Schematic diagram from the Pennsylvanian Jackfork Group in Arkansas illustrating the interpreted position of the Aspen Field within the distributive portion of a submarine fan system (from Bouma, 2000).
Schematic diagram from the Pennsylvanian Jackfork Group in Arkansas illustrating the interpreted position of the Aspen Field within the distributive portion of a submarine fan system (from Bouma, 2000).

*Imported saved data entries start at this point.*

(* Let $X$ and $Y$ be Banach spaces such that $X$ coarsely Lipschitz embeds into $Y$. Then $\mathcal F(X)$ is crudely finitely representable in $\mathcal F(Y)$.
   Context: $X$ coarsely Lipschitz embeds into $Y$ if there are a map $f\colon X\to Y$ and constants $A,B>0$, $C\geq 0$ such that $A\|x-y\|-C\leq\|f(x)-f(y)\|\leq B\|x-y\|+C$ for all $x,y\in X$. A Banach space $E_0$ is crudely finitely representable in a Banach space $W$ if there is $\lambda\geq1$ such that for every finite-dimensional subspace $E$ of $E_0$ and every $\varepsilon>0$ there is a finite-dimensional subspace $F$ of $W$ with Banach–Mazur distance $d(E,F)\leq\lambda+\varepsilon$. For a Banach space $Z$ (pointed at $0$), $\mathrm{Lip}_0(Z)$ is the Banach space of real Lipschitz functions vanishing at $0$ normed by the Lipschitz constant, and $\mathcal F(Z)=\overline{\mathrm{span}}\{\delta(x):x\in Z\}\subset\mathrm{Lip}_0(Z)^*$, $\delta(x)$ being evaluation at $x$. *)

From HB Require Import structures.
From mathcomp Require Import all_boot all_order all_algebra.
From mathcomp Require Import all_classical all_reals all_analysis.
Import Order.TTheory GRing.Theory Num.Theory.
Import numFieldNormedType.Exports.

Set Implicit Arguments.
Unset Strict Implicit.
Unset Printing Implicit Defensive.

Local Open Scope classical_set_scope.
Local Open Scope ring_scope.

Section LipFree.
Variable R : realType.

Definition lip_bound (V : normedModType R) (f : V -> R) (L : R) : Prop :=
  forall x y : V, `|f x - f y| <= L * `|x - y|.

Definition Lip0 (V : normedModType R) : Type :=
  {f : V -> R | f 0 = 0 /\ exists L, lip_bound f L}.

(* dual (operator) norm of a functional on Lip_0(V), Lip_0(V) being normed by
   the Lipschitz constant:  inf { C >= 0 : |phi f| <= C * L whenever L is a
   Lipschitz bound of f }  (+oo if no such C). *)
Definition dnorm (V : normedModType R) (phi : Lip0 V -> R) : \bar R :=
  ereal_inf (EFin @` [set C : R | 0 <= C /\
     forall (f : Lip0 V) (L : R), 0 <= L -> lip_bound (sval f) L ->
       `|phi f| <= C * L]).

Definition span_delta (V : normedModType R) : set (Lip0 V -> R) :=
  [set mu | exists (n : nat) (a : 'I_n -> R) (x : 'I_n -> V),
     mu = fun f => \sum_(i < n) a i * sval f (x i)].

(* F(V): the norm closure of span{delta(x)} in Lip_0(V)^* *)
Definition Free (V : normedModType R) : set (Lip0 V -> R) :=
  [set phi : Lip0 V -> R | forall e : R, 0 < e ->
     exists2 mu, @span_delta V mu & (dnorm (fun f => (phi f - mu f)%R) <= e%:E)%E].

Definition coarse_lip_embeds (X Y : normedModType R) : Prop :=
  exists (f : X -> Y) (A B C : R), 0 < A /\ 0 < B /\ 0 <= C /\
    forall x y : X, A * `|x - y| - C <= `|f x - f y| <= B * `|x - y| + C.

Definition fspan (D : Type) (n : nat) (e : 'I_n -> D -> R) : set (D -> R) :=
  [set phi | exists c : 'I_n -> R, phi = fun f => \sum_(i < n) c i * e i f].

The Aspen Field data set provides an opportunity to address three key challenges to our understanding of deep-water reservoir systems in the Miocene of the Gulf of Mexico: (1) what is the lateral continuity of an important reservoir sand, (2) what types of vertical compartmentalization exist in a distributive, sheet sand system, and (3) how does the alteration of volcanic rock fragments (mainly volcanic glass) and the precipitation of clinoptilolite as a cement affect reservoir quality. Through the combination of multiple rock data sets (conventional cores, sidewall cores and well cuttings), high-resolution biostratigraphic analysis, and production data an integrated geologic model has been constructed to characterize the detailed reservoir complexity encountered at Aspen and relate that complexity to well performance.

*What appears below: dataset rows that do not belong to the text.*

Lemma fsat_reduct_tr_head Y Z r : wf_constr (whead r) ->
  fsat Y (freduct Z (nhead (tr_rule r))) <-> head_reduct_sat Y Z r.
Proof.
  intros Hwf; unfold tr_rule, head_reduct_sat, pos_heads; simpl.
  rewrite freduct_conjF, fsat_conjF, <- fsat_reduct_tr_constr by exact Hwf.
  assert (Hchoice : forall l, fsat Y (freduct Z (FOr (FLit l) (FNot (FLit l)))) <-> (Z l -> Y l)).
  { intros l; simpl; destruct (excluded_middle_informative (Z l)); simpl; tauto. }
  split.
  - intros H; split.
    + intros l w Hin; apply Hchoice, H, in_map, in_or_app; left.
      apply (in_map (fun l => FOr (FLit l) (FNot (FLit l)))), in_map_iff; exists (l, w); split; [reflexivity | apply pos_part_In, Hin].
    + apply H, in_map, in_or_app; right; left; reflexivity.
  - intros [Hl Hc] F HF; apply in_map_iff in HF as [G [<- HG]].
    apply in_app_or in HG as [HG | [<- | []]]; [|exact Hc].
    apply in_map_iff in HG as [l [<- Hin]]; apply in_map_iff in Hin as [[l' w] [<- Hin]].
    apply Hchoice; apply pos_part_In in Hin; eauto.
Qed.

Lemma fsat_reduct_tr_body Y Z r : (forall C, In C (wbody r) -> wf_constr C) ->
  fsat Y (freduct Z (nbody (tr_rule r))) <-> forall C, In C (wbody r) -> creduct_sat Y Z C.
Proof.
  intros Hwf; unfold tr_rule; simpl; rewrite freduct_conjF, fsat_conjF, map_map.
  split; intros H C HC.
  - apply fsat_reduct_tr_constr; auto.
    apply H, (in_map (fun C => freduct Z (tr_constr C))), HC.
  - apply in_map_iff in HC as [C' [<- HC']]; apply fsat_reduct_tr_constr; auto.
Qed.

Lemma nsat_nreduct_tr_prog O Y Z : wf_wprogram O ->
  nsat Y (nreduct (tr_prog O) Z) <->
  forall r, O r -> (forall C, In C (wbody r) -> creduct_sat Y Z C) -> head_reduct_sat Y Z r.
Proof.
  intros Hwf; split.
  - intros H r Or HB; destruct (Hwf r Or) as [Hh Hb].
    apply fsat_reduct_tr_head; auto.
    apply (H (mkNRule (freduct Z (nhead (tr_rule r))) (freduct Z (nbody (tr_rule r))))).
    { exists (tr_rule r); split; [exists r|]; auto. }
    apply fsat_reduct_tr_body; auto.
  - intros H r' [r0 [[r [Or ->]] ->]]; cbn [nhead nbody]; destruct (Hwf r Or) as [Hh Hb].
    rewrite fsat_reduct_tr_body, fsat_reduct_tr_head by assumption; auto.
Qed.

Lemma nsat_nreduct_tr_prog_self O Z : wf_wprogram O ->
  nsat Z (nreduct (tr_prog O) Z) <-> wsat_prog Z O.
Proof.
  intros Hwf; rewrite nsat_nreduct_tr_prog by exact Hwf; unfold wsat_prog, head_reduct_sat.
  split; intros H r Or HB.
  - apply wsat_creduct_sat, H; auto; intros C HC; apply wsat_creduct_sat; auto.
  - split; [auto|]; apply wsat_creduct_sat, H; auto.
    intros C HC; apply wsat_creduct_sat; auto.
Qed.

Lemma psat_wreduct_body Y Z r l :
  psat Y (mkPR l (map (creduct Z) (wbody r))) <->
  ((forall C, In C (wbody r) -> le_eb (fst (creduct Z C)) (psum Y (snd (creduct Z C)))) -> Y l).
Proof.
  unfold psat; cbn [phead pbody]; split; intros H HB; apply H.
  - intros b Hb; apply in_map_iff in Hb as [C [<- HC]]; auto.
  - intros C HC; apply HB, in_map, HC.
Qed.

Lemma pclosed_of_nsat O Y Z : wf_wprogram O ->
  nsat Y (nreduct (tr_prog O) Z) -> pclosed (wreduct O Z) Y.
Proof.
  intros Hwf HY pr [r [Or [Hhi [l [w [Hin [Zl ->]]]]]]].
  apply psat_wreduct_body; intros Hlo.
  rewrite nsat_nreduct_tr_prog in HY by exact Hwf.
  refine (proj1 (HY r Or _) l w Hin Zl); intros C HC; split; auto.
Qed.

Lemma nsat_of_pclosed O Y Z : wf_wprogram O -> subset Y Z -> wsat_prog Z O ->
  pclosed (wreduct O Z) Y -> nsat Y (nreduct (tr_prog O) Z).
Proof.
  intros Hwf HYZ HZ HY; apply nsat_nreduct_tr_prog; auto.
  intros r Or HB; destruct (Hwf r Or) as [Hh Hb].
  assert (Hhead : forall l w, In (RLit l, w) (elems (whead r)) -> Z l -> Y l).
  { intros l w Hin Zl; refine (proj1 (psat_wreduct_body _ _ r l) (HY _ _) _).
    - exists r; split; [exact Or | split; [intros C HC; exact (proj2 (HB C HC)) | eauto]].
    - intros C HC; exact (proj1 (HB C HC)). }
  assert (HZhead : creduct_sat Z Z (whead r)).
  { apply wsat_creduct_sat, HZ; auto; intros C HC.
    apply wsat_creduct_sat, (creduct_sat_mono HYZ); auto. }
  split; [exact Hhead|]; destruct HZhead as [Hlo Hhi]; split; [|exact Hhi].
  (* the positive head literals true in Z are already true in Y *)
  unfold creduct in *; simpl in *.
  replace (psum Y (pos_part (elems (whead r)))) with (psum Z (pos_part (elems (whead r))));
    [exact Hlo|].
  apply fsum_ext; intros [l w] Hin; apply pos_part_In in Hin; simpl; split; eauto.
Qed.

Definition pbody_nonneg (P : prule A -> Prop) : Prop :=
  forall pr, P pr -> forall b, In b (pbody pr) -> nonneg_weights (snd b).

Lemma cl_pclosed (P : prule A -> Prop) : pbody_nonneg P -> pclosed P (cl P).
Proof.
  intros Hn pr Ppr Hb Y HY; apply (HY pr Ppr); intros b Hin.
  apply (le_eb_mono _ (fsum_mono (cl P) Y (fun l Hl => Hl Y HY) (Hn pr Ppr b Hin))), Hb, Hin.
Qed.

Lemma wreduct_pbody_nonneg O Z : wf_wprogram O -> pbody_nonneg (wreduct O Z).
Proof.
  intros Hwf pr [r [Or [_ [l [w [_ [_ ->]]]]]]] b Hb; simpl in Hb.
  apply in_map_iff in Hb as [C [<- HC]].
  apply wf_constr_pos_part_nonneg, (proj2 (Hwf r Or)), HC.
Qed.

Lemma cl_wreduct_subset O Z : subset (cl (wreduct O Z)) Z.
Proof. intros l Hl; apply Hl; intros pr [r [_ [_ [l' [w [_ [Zl' ->]]]]]]] _; exact Zl'. Qed.

End Translation.

Theorem theorem1 (A : Type) (O : wprogram A) :
  wf_wprogram O ->
  forall Z : litset A, w_answer_set O Z <-> n_answer_set (tr_prog O) Z.
Proof.
  intros Hwf Z; unfold w_answer_set, n_answer_set, answer_set_notfree.
  rewrite nsat_nreduct_tr_prog_self by exact Hwf.
  split.
  - intros [Hc [HZ Hcl]]; split; [exact Hc | split; [exact HZ|]].
    intros Y _ _ HY l Zl; apply Hcl in Zl; apply Zl.
    exact (pclosed_of_nsat Hwf HY).
  - intros [Hc [HZ Hmin]]; split; [exact Hc | split; [exact HZ|]].
    pose proof (@cl_wreduct_subset A O Z) as HclZ.
    intros l; split; [apply HclZ|]; revert l.
    apply Hmin; [intros a [H1 H2]; apply (Hc a); split; apply HclZ; auto | exact HclZ |].
    apply nsat_of_pclosed; auto.
    apply cl_pclosed, wreduct_pbody_nonneg, Hwf.
Qed.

High-resolution biostratigraphic analysis was applied to all wells in the Aspen Field to help subdivide reservoir packages and delineate sand-body architecture and stratigraphic pinch-outs. This methodology utilizes standard biostratigraphic information (i.e. regional extinction events, paleoecology, and abundance/diversity profiles) coupled with coiling direction reversals (i.e., G. menardii, G. humerosa), size changes (i.e., G. menardii), individual abundance increases (C. mexicana), and local fossil increases in order to define local biomarkers instrumental for field-scale correlation. Four regional biostratigraphic markers were initially defined around the Aspen pay interval providing a general biostratigraphic framework for the field (Fig. 3). The application of high-resolution biostratigraphic analysis not only confirmed regional and semiregional flooding surfaces (marker horizons) in a lower bathyal setting but identified additional local field-scale events between the regional and semi-regional surfaces (Fig. 4). To-date, the long-term production and reservoir simulation have validated this reservoir architecture.
High-resolution biostratigraphic chart illustrating the detailed subdivision of the Upper Miocene into 8 distinct reservoir seal pairs based on both local and regional biostratigraphic event intervals.
High-resolution biostratigraphic chart illustrating the detailed subdivision of the Upper Miocene into 8 distinct reservoir seal pairs based on both local and regional biostratigraphic event intervals.
Reservoir cross-section of the Aspen Field detailing the application of high-resolution biostratigraphic analysis. This methodology resulted in the delineation of several local biomarkers and allowed for more detailed correlations in the L Sand sequence. In addition, the pinchout of the M2 Sand was identified by convergence of Cris-K and CMC paleo-markers and lack of CK-1 marker. GR on left, resistivity on right.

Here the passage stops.